(* For any configuration $G$, if $G$ is feasible then there exist a patient DRIP $D_{pat}$ and a decision function $f_{pat}$ for $D_{pat}$ such that $(D_{pat},f_{pat})$ is a dedicated leader election algorithm for $G$.
   Context: Model. A configuration is a finite simple undirected connected graph $G$ in which each node $v$ is tagged with a non-negative integer $t_v$ (its wakeup tag); smallest tag $0$, span $\sigma$ = largest tag. Nodes are anonymous and communicate in synchronous global rounds. A node $v$ wakes up in the first global round $r\le t_v$ in which it receives a message, if any, and otherwise in global round $t_v$. Its local clock is $0$ in its wakeup round; it acts from local round $1$ on. In each round a node transmits a message to all neighbours, listens, or terminates. A listening node receives $M$ if exactly one neighbour transmits ($M$), hears collision noise (distinct from silence and messages) if at least two neighbours transmit, and silence otherwise; a transmitting node hears nothing. History $\mathcal H_v[i]$ of $v$ in local round $i\ge0$: $(\emptyset)$ if $v$ transmits or hears silence (or $i=0$ and spontaneous wakeup), $(M)$ if $v$ receives $M$ (or $i=0$ and woken by $M$), $( * )$ on collision. A DRIP is a function $D$ from finite history vectors to $\{\mathit{listen},\mathit{transmit}(M),\mathit{terminate}\}$; node $v$ in local round $i\ge1$ performs $D(\mathcal H_v[0\ldots i-1])$; every node must eventually terminate permanently, $done_v$ being the first local round it terminates. A decision function $f$ for $D$ maps $\mathcal H_v[0\ldots done_v]$ to $\{0,1\}$. $(D,f)$ is a dedicated leader election algorithm for $G$ if, when all nodes of $G$ execute $D$, $f$ outputs $1$ at exactly one node; $G$ is feasible if such a pair exists. A DRIP is patient (for $G$) if, when executed by all nodes of $G$, no node transmits in any of the global rounds $0,\ldots,\sigma$. *)

From mathcomp Require Import all_boot.
Set Implicit Arguments. Unset Strict Implicit. Unset Printing Implicit Defensive.

(* History entries: silence/transmitting ((empty)), a received message (M), collision ( * ). *)
Inductive entry : Type := ESil | EMsg of nat | ECol.
Inductive action : Type := Listen | Transmit of nat | Terminate.

Definition drip := seq entry -> action.
(* A decision function: from final histories H[0..done_v] to {0,1} (false=0, true=1). *)
Definition decision := seq entry -> bool.

Section Execution.
Variables (V : finType) (adj : rel V) (t : V -> nat) (D : drip).

(* Node state before a global round: None = asleep;
   Some (h, b) = awake with history h (h = H[0 .. size h - 1]), b = terminated. *)
Definition nstate := V -> option (seq entry * bool).

Definition tx (s : nstate) (u : V) : option nat :=
  match s u with
  | Some (h, false) => if D h is Transmit m then Some m else None
  | _ => None
  end.

Definition reception (s : nstate) (v : V) : entry :=
  match pmap (tx s) (filter (adj v) (enum V)) with
  | [::] => ESil
  | [:: m] => EMsg m
  | _ => ECol
  end.

Definition step (s : nstate) (r : nat) : nstate := fun v =>
  match s v with
  | None =>
      if reception s v is EMsg m then Some ([:: EMsg m], false)
      else if t v == r then Some ([:: ESil], false) else None
  | Some (h, true) => Some (h, true)
  | Some (h, false) =>
      match D h with
      | Transmit _ => Some (rcons h ESil, false)
      | Listen => Some (rcons h (reception s v), false)
      | Terminate => Some (rcons h (reception s v), true)
      end
  end.

(* exec r = state of all nodes before global round r *)
Fixpoint exec (r : nat) : nstate :=
  match r with
  | 0 => fun _ => None
  | r'.+1 => step (exec r') r'
  end.

End Execution.

Definition configuration (V : finType) (adj : rel V) (t : V -> nat) : Prop :=
  [/\ symmetric adj, irreflexive adj, (forall x y : V, connect adj x y)
    & exists v, t v = 0].

Definition span (V : finType) (t : V -> nat) : nat := \max_(v : V) t v.

Definition dedicated_LE (V : finType) (adj : rel V) (t : V -> nat)
    (D : drip) (f : decision) : Prop :=
  exists R : nat,
    (forall v : V, exists h, exec adj t D R v = Some (h, true)) /\
    #|[pred v : V | if exec adj t D R v is Some (h, true) then f h else false]| = 1.

Definition feasible (V : finType) (adj : rel V) (t : V -> nat) : Prop :=
  exists (D : drip) (f : decision), dedicated_LE adj t D f.

Definition patient (V : finType) (adj : rel V) (t : V -> nat) (D : drip) : Prop :=
  forall r : nat, r <= span t -> forall v : V, tx D (exec adj t D r) v = None.

(* The patient algorithm runs D shifted by S = span t rounds.  Nobody transmits before
   global round S + 1, so every node wakes spontaneously at its tag and listens; it starts
   simulating D, on the part of its history from then on, at the first round in which it
   hears a message or at local round S, whichever comes first.  By induction on r, each
   node's state in round r + S of the patient execution is the virtual image of its state
   in round r of D, so the same nodes terminate and the same node is elected. *)

From mathcomp Require Import all_boot zify.

Set Implicit Arguments. Unset Strict Implicit. Unset Printing Implicit Defensive.

Definition is_msg (e : entry) : bool := if e is EMsg _ then true else false.

Definition wake_entry (e : entry) : entry := if e is EMsg m then EMsg m else ESil.

Section Execution.
Variables (V : finType) (adj : rel V) (t : V -> nat) (D : drip).

Lemma exec_succ r : exec adj t D r.+1 = step adj t D (exec adj t D r) r.
Proof. by []. Qed.

Lemma step_asleep s r v (e := reception adj D s v) : s v = None ->
  step adj t D s r v =
    if is_msg e || (t v == r) then Some ([:: wake_entry e], false) else None.
Proof. by rewrite /step /e => ->; case: reception. Qed.

Lemma step_listen s r v h : s v = Some (h, false) -> D h = Listen ->
  step adj t D s r v = Some (rcons h (reception adj D s v), false).
Proof. by rewrite /step => -> ->. Qed.

Lemma eq_reception (D' : drip) s s' v :
  (forall u, tx D s u = tx D' s' u) -> reception adj D s v = reception adj D' s' v.
Proof. by move=> eq_tx; rewrite /reception (eq_pmap eq_tx). Qed.

Lemma reception_silent s v : (forall u, tx D s u = None) -> reception adj D s v = ESil.
Proof.
move=> silent; rewrite /reception.
suff -> : pmap (tx D s) (filter (adj v) (enum V)) = [::] by [].
by elim: (filter _ _) => //= u us ->; rewrite silent.
Qed.

End Execution.

Lemma leq_find_cat (T : Type) (a : pred T) s s' : find a s <= find a (s ++ s').
Proof.
by rewrite find_cat; case: ifP => // /negbT; rewrite has_find; have := find_size a s; lia.
Qed.

(* A node woken at its tag reaches local round [S] in global round tag + [S], the image
   under the shift of the round in which D would wake it spontaneously. *)
Definition wakeup_index (S : nat) (h : seq entry) : nat :=
  minn (find is_msg (behead h)).+1 S.

Definition woken (S : nat) (h : seq entry) : bool := wakeup_index S h < size h.

Definition virtual_history (S : nat) (h : seq entry) : seq entry :=
  wake_entry (nth ESil h (wakeup_index S h)) :: drop (wakeup_index S h).+1 h.

Definition patient_drip (S : nat) (D : drip) : drip :=
  fun h => if woken S h then D (virtual_history S h) else Listen.

Definition patient_decision (S : nat) (f : decision) : decision :=
  fun h => f (virtual_history S h).

Section VirtualHistory.
Variable S : nat.

Lemma woken_cons x h : woken S (x :: h) = has is_msg h || (S <= size h).
Proof. by rewrite /woken /wakeup_index /= has_find; lia. Qed.

Lemma leq_wakeup_index_rcons h e : wakeup_index S h <= wakeup_index S (rcons h e).
Proof.
case: h => [|x h] //; rewrite /wakeup_index rcons_cons /= -cats1.
by have := leq_find_cat is_msg h [:: e]; lia.
Qed.

Lemma wakeup_index_rcons h e :
  woken S h -> wakeup_index S (rcons h e) = wakeup_index S h.
Proof.
case: h => [|x h] //; rewrite woken_cons /wakeup_index rcons_cons /= -cats1 find_cat.
by case: ifP => // /negbT; rewrite has_find; have := find_size is_msg h; lia.
Qed.

Lemma woken_rcons h e : woken S h -> woken S (rcons h e).
Proof.
move=> wh; rewrite /woken wakeup_index_rcons // size_rcons.
exact: leqW.
Qed.

Lemma virtual_history_rcons h e :
  woken S h -> virtual_history S (rcons h e) = rcons (virtual_history S h) e.
Proof.
move=> wh; rewrite /virtual_history wakeup_index_rcons // nth_rcons.
move: wh; rewrite /woken => wh; rewrite wh -!cats1 drop_cat.
case: ltnP => // big; have -> : (wakeup_index S h).+1 - size h = 0 by lia.
by rewrite drop0 drop_oversize.
Qed.

Lemma woken_rcons_unwoken h e : 0 < size h -> ~~ woken S h ->
  woken S (rcons h e) = is_msg e || (size h == S).
Proof.
case: h => [|x h] // _; rewrite rcons_cons !woken_cons has_rcons size_rcons.
by case: (has _ _) => //=; case: (is_msg e); lia.
Qed.

Lemma virtual_history_wake h e : ~~ woken S h -> woken S (rcons h e) ->
  virtual_history S (rcons h e) = [:: wake_entry e].
Proof.
move=> uh wh'; have /eqP wi : wakeup_index S (rcons h e) == size h.
  move: uh wh'; rewrite /woken size_rcons -leqNgt eqn_leq ltnS => uh ->.
  exact: leq_trans uh (leq_wakeup_index_rcons h e).
by rewrite /virtual_history wi nth_rcons ltnn eqxx drop_oversize // size_rcons.
Qed.

End VirtualHistory.

Lemma patient_drip_unwoken S D h : ~~ woken S h -> patient_drip S D h = Listen.
Proof. by rewrite /patient_drip => /negbTE ->. Qed.

Lemma patient_drip_woken S D h :
  woken S h -> patient_drip S D h = D (virtual_history S h).
Proof. by rewrite /patient_drip => ->. Qed.

Section Simulation.
Variables (V : finType) (adj : rel V) (t : V -> nat) (D : drip).
Local Notation S := (span t).
Local Notation P := (patient_drip (span t) D).

Lemma tag_le_span v : t v <= S.
Proof. exact: (leq_bigmax (F := t) v). Qed.

Definition waiting g v :=
  if g <= t v then exec adj t P g v = None
  else exists h, [/\ exec adj t P g v = Some (h, false), size h = g - t v & ~~ woken S h].

Lemma waiting_tx g v : waiting g v -> tx P (exec adj t P g) v = None.
Proof.
rewrite /waiting /tx; case: ifP => _; first by move=> ->.
by case=> h [-> _ uh]; rewrite patient_drip_unwoken //.
Qed.

Lemma waiting_succ g v (e := reception adj P (exec adj t P g) v) :
  waiting g v -> ~~ is_msg e -> g.+1 - t v <= S -> waiting g.+1 v.
Proof.
rewrite /waiting exec_succ; case: ifP => le_g.
- move=> asleep not_msg small; rewrite step_asleep // -/e (negbTE not_msg) /=.
  case: eqP => [tv_g | tv_ne_g]; last by have -> : g < t v by lia.
  by rewrite tv_g ltnn; exists [:: wake_entry e]; rewrite woken_cons /=; split => //; lia.
- case=> h [awake size_h uh] not_msg small.
  rewrite (step_listen _ _ _ awake) ?patient_drip_unwoken // -/e.
  have -> : (g < t v) = false by lia.
  have pos_h : 0 < size h by lia.
  exists (rcons h e).
  by rewrite size_rcons woken_rcons_unwoken // (negbTE not_msg); split => //; lia.
Qed.

Lemma waiting_patient g : g <= S -> forall v, waiting g v.
Proof.
elim: g => [//|g IH] lt_gS v; have wg := IH (ltnW lt_gS).
apply: waiting_succ; first exact: wg.
  by rewrite (reception_silent _ _ (fun u => waiting_tx (wg u))).
lia.
Qed.

Lemma waiting_wake g v (e := reception adj P (exec adj t P g) v) :
  waiting g v -> t v <= g -> (is_msg e && (t v < g)) || (g - t v == S) ->
  exists h, [/\ exec adj t P g.+1 v = Some (h, false), woken S h
              & virtual_history S h = [:: wake_entry e]].
Proof.
rewrite /waiting exec_succ; case: ifP => le_g.
- move=> asleep le_tv_g; have tv_g : t v = g by lia.
  rewrite step_asleep // -/e tv_g eqxx orbT ltnn subnn andbF eq_sym => /eqP S0.
  exists [:: wake_entry e]; rewrite /woken /virtual_history /wakeup_index S0 minn0.
  by split => //; case: (e).
- case=> h [awake size_h uh] _ wake.
  rewrite (step_listen _ _ _ awake) ?patient_drip_unwoken // -/e.
  have wh : woken S (rcons h e).
    rewrite woken_rcons_unwoken ?size_h //; last by lia.
    by case: (is_msg e) wake => /=; lia.
  by exists (rcons h e); split => //; rewrite virtual_history_wake.
Qed.

Definition simulates r v :=
  match exec adj t D r v with
  | None => r <= t v /\ waiting (r + S) v
  | Some (h', b) => exists h, [/\ exec adj t P (r + S) v = Some (h, b), woken S h
                                 & virtual_history S h = h']
  end.

Lemma simulates_tx r v :
  simulates r v -> tx P (exec adj t P (r + S)) v = tx D (exec adj t D r) v.
Proof.
rewrite /simulates {2}/tx; case: (exec adj t D r v) => [[h' b] | [_ /waiting_tx //]].
by case=> h [E wh <-]; rewrite /tx E; case: b {E} => //; rewrite patient_drip_woken.
Qed.

Lemma simulates0 v : simulates 0 v.
Proof. by split; last exact: waiting_patient. Qed.

Section SimulationStep.
Variables (r : nat) (v : V).
Hypothesis same_reception :
  reception adj P (exec adj t P (r + S)) v = reception adj D (exec adj t D r) v.

Lemma simulates_succ_awake h' b :
  exec adj t D r v = Some (h', b) -> simulates r v -> simulates r.+1 v.
Proof.
rewrite /simulates addSn !exec_succ /step same_reception => ->.
case=> h [-> wh <-]; case: b; first by exists h.
rewrite patient_drip_woken //.
by case: (D _) => [|m|];
  (eexists; split; [reflexivity | exact: woken_rcons | exact: virtual_history_rcons]).
Qed.

Lemma simulates_succ_asleep :
  exec adj t D r v = None -> simulates r v -> simulates r.+1 v.
Proof.
move=> asleep; rewrite /simulates asleep addSn exec_succ step_asleep // => -[le_r wait].
move: same_reception; set e := reception adj D _ v => same_e.
have [wake | stay] := boolP (is_msg e || (t v == r)).
- have msg_late : is_msg e -> 0 < r.
    by rewrite lt0n; apply: contraTneq => r0; rewrite /e r0 reception_silent.
  have [|h [-> wh vh]] := waiting_wake wait (leq_trans (tag_le_span v) (leq_addl _ _)).
    rewrite same_e; case/orP: wake => [msg | /eqP <-]; last by rewrite addKn eqxx orbT.
    by rewrite msg /=; have := msg_late msg; have := tag_le_span v; lia.
  by exists h; rewrite vh same_e.
- move: stay; rewrite negb_or => /andP[not_msg tv_ne_r].
  have lt_r : r < t v by rewrite ltn_neqAle eq_sym tv_ne_r.
  split => //; apply: waiting_succ wait _ _; first by rewrite same_e.
  lia.
Qed.

End SimulationStep.

Lemma simulation r v : simulates r v.
Proof.
elim: r v => [|r IH] v; first exact: simulates0.
have same_reception := eq_reception adj v (fun u => simulates_tx (IH u)).
case E: (exec adj t D r v) => [[h' b]|].
- exact: simulates_succ_awake E (IH v).
- exact: simulates_succ_asleep E (IH v).
Qed.

Lemma simulates_terminated r v h' :
  simulates r v -> exec adj t D r v = Some (h', true) ->
  exists h, exec adj t P (r + S) v = Some (h, true).
Proof. by rewrite /simulates => + E; rewrite E => -[h [Eh _ _]]; exists h. Qed.

Lemma simulates_decision (f : decision) r v : simulates r v ->
  (if exec adj t P (r + S) v is Some (h, true) then patient_decision S f h else false)
  = (if exec adj t D r v is Some (h, true) then f h else false).
Proof.
rewrite /simulates; case: (exec adj t D r v) => [[h' b] | [_]].
  by case=> h [-> _ <-]; case: b.
by rewrite /waiting; case: ifP => _ => [-> | [h [-> _ _]]].
Qed.

End Simulation.

Theorem lemma9 (V : finType) (adj : rel V) (t : V -> nat) :
  configuration adj t -> feasible adj t ->
  exists (Dpat : drip) (fpat : decision),
    patient adj t Dpat /\ dedicated_LE adj t Dpat fpat.
Proof.
move=> _ [D [f [R [terminates elects]]]].
exists (patient_drip (span t) D), (patient_decision (span t) f); split.
  by move=> r le_r v; apply/waiting_tx/waiting_patient.
exists (R + span t); split.
  by move=> v; have [h' /(simulates_terminated (simulation _ _ _ R v))] := terminates v.
rewrite -elects; apply: eq_card => v; rewrite !inE.
exact: simulates_decision (simulation _ _ _ R v).
Qed.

**The task:** Nothing should appear in the answer except the lines above from the line with "configuration adj t -> feasible adj t ->" through the line with "by move=> v;", both included, written out exactly.

**Exercise output:**
  configuration adj t -> feasible adj t ->
  exists (Dpat : drip) (fpat : decision),
    patient adj t Dpat /\ dedicated_LE adj t Dpat fpat.
Proof.
move=> _ [D [f [R [terminates elects]]]].
exists (patient_drip (span t) D), (patient_decision (span t) f); split.
  by move=> r le_r v; apply/waiting_tx/waiting_patient.
exists (R + span t); split.
  by move=> v; have [h' /(simulates_terminated (simulation _ _ _ R v))] := terminates v.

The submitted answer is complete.